(Dataset records begins)
Theorem theorem4p4 (K : finFieldType) (f : {rmorphism 'F_2 -> K})
    (hK : #|K| = 4%N) :
  let L1 := [set L : 'M['F_2]_4 | is_RC L] in
  let L2 := [set L : 'M['F_2]_4 | is_IA f L] in
  let L3 := [set L : 'M['F_2]_4 | is_UG2 L] in
  let L4 := [set L : 'M['F_2]_4 | is_RA L] :|: [set L | is_IC f L] in
  let L5 := [set L : 'M['F_2]_4 | is_Tr L] :|: [set L | is_UG1 L]
              :|: [set L | is_UnG L] in
  let L6 := [set L : 'M['F_2]_4 | is_EG L] :|: [set L | is_EnG f L] in
  [/\ line_orbits 'F_2 = [set L1; L2; L3; L4; L5; L6],
      #|line_orbits 'F_2| = 6%N,
      [/\ #|L1| = 3%N, #|L2| = 1%N, #|L3| = 3%N &
          [/\ #|L4| = 4%N, #|L5| = 12%N & #|L6| = 12%N]] &
      [/\ #|[set L : 'M['F_2]_4 | is_RA L]| = 3%N,
          #|[set L : 'M['F_2]_4 | is_IC f L]| = 1%N,
          #|[set L : 'M['F_2]_4 | is_Tr L]| = 3%N,
          #|[set L : 'M['F_2]_4 | is_UG1 L]| = 3%N &
          [/\ #|[set L : 'M['F_2]_4 | is_UnG L]| = 6%N,
              #|[set L : 'M['F_2]_4 | is_EG L]| = 6%N &
              #|[set L : 'M['F_2]_4 | is_EnG f L]| = 6%N]]].
Proof.
move=> L1 L2 L3 L4 L5 L6.
have E1 : L1 = lineset (reps_of is_RC_rep) := RC_lines.
have E2 : L2 = lineset (reps_of is_IA_rep) := IA_lines f hK.
have E3 : L3 = lineset (reps_of is_UG2_rep) := UG2_lines.
have E4 : L4 = lineset (reps_of is_RA_rep ++ reps_of is_IC_rep).
  exact: setU_lineset RA_lines (IC_lines f hK).
have E5 : L5 = lineset ((reps_of is_Tr_rep ++ reps_of is_UG1_rep) ++ reps_of is_UnG_rep).
  exact: setU_lineset (setU_lineset Tr_lines UG1_lines) UnG_lines.
have E6 : L6 = lineset (reps_of is_EG_rep ++ reps_of is_EnG_rep).
  exact: setU_lineset EG_lines (EnG_lines f hK).
split; first by rewrite E1 E2 E3 E4 E5 E6 -set_in_seq6 line_orbits_F2.
- exact: card_line_orbits_F2.
- split; [rewrite E1 | rewrite E2 | rewrite E3 | split; [rewrite E4 | rewrite E5 | rewrite E6]];
    by apply: card_lineset; vm_compute.
- split; [rewrite RA_lines | rewrite (IC_lines f hK) | rewrite Tr_lines | rewrite UG1_lines |
          split; [rewrite UnG_lines | rewrite EG_lines | rewrite (EnG_lines f hK)]];
    by apply: card_lineset; vm_compute.
Qed.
(Dataset records ends)
**About this exercise:**
Starting at the line that contains "exact: setU_lineset (setU_lineset" and ending at the last line of the data, repeat each line exactly; include nothing else.

**Answer to the exercise:**
  exact: setU_lineset (setU_lineset Tr_lines UG1_lines) UnG_lines.
have E6 : L6 = lineset (reps_of is_EG_rep ++ reps_of is_EnG_rep).
  exact: setU_lineset EG_lines (EnG_lines f hK).
split; first by rewrite E1 E2 E3 E4 E5 E6 -set_in_seq6 line_orbits_F2.
- exact: card_line_orbits_F2.
- split; [rewrite E1 | rewrite E2 | rewrite E3 | split; [rewrite E4 | rewrite E5 | rewrite E6]];
    by apply: card_lineset; vm_compute.
- split; [rewrite RA_lines | rewrite (IC_lines f hK) | rewrite Tr_lines | rewrite UG1_lines |
          split; [rewrite UnG_lines | rewrite EG_lines | rewrite (EnG_lines f hK)]];
    by apply: card_lineset; vm_compute.
Qed.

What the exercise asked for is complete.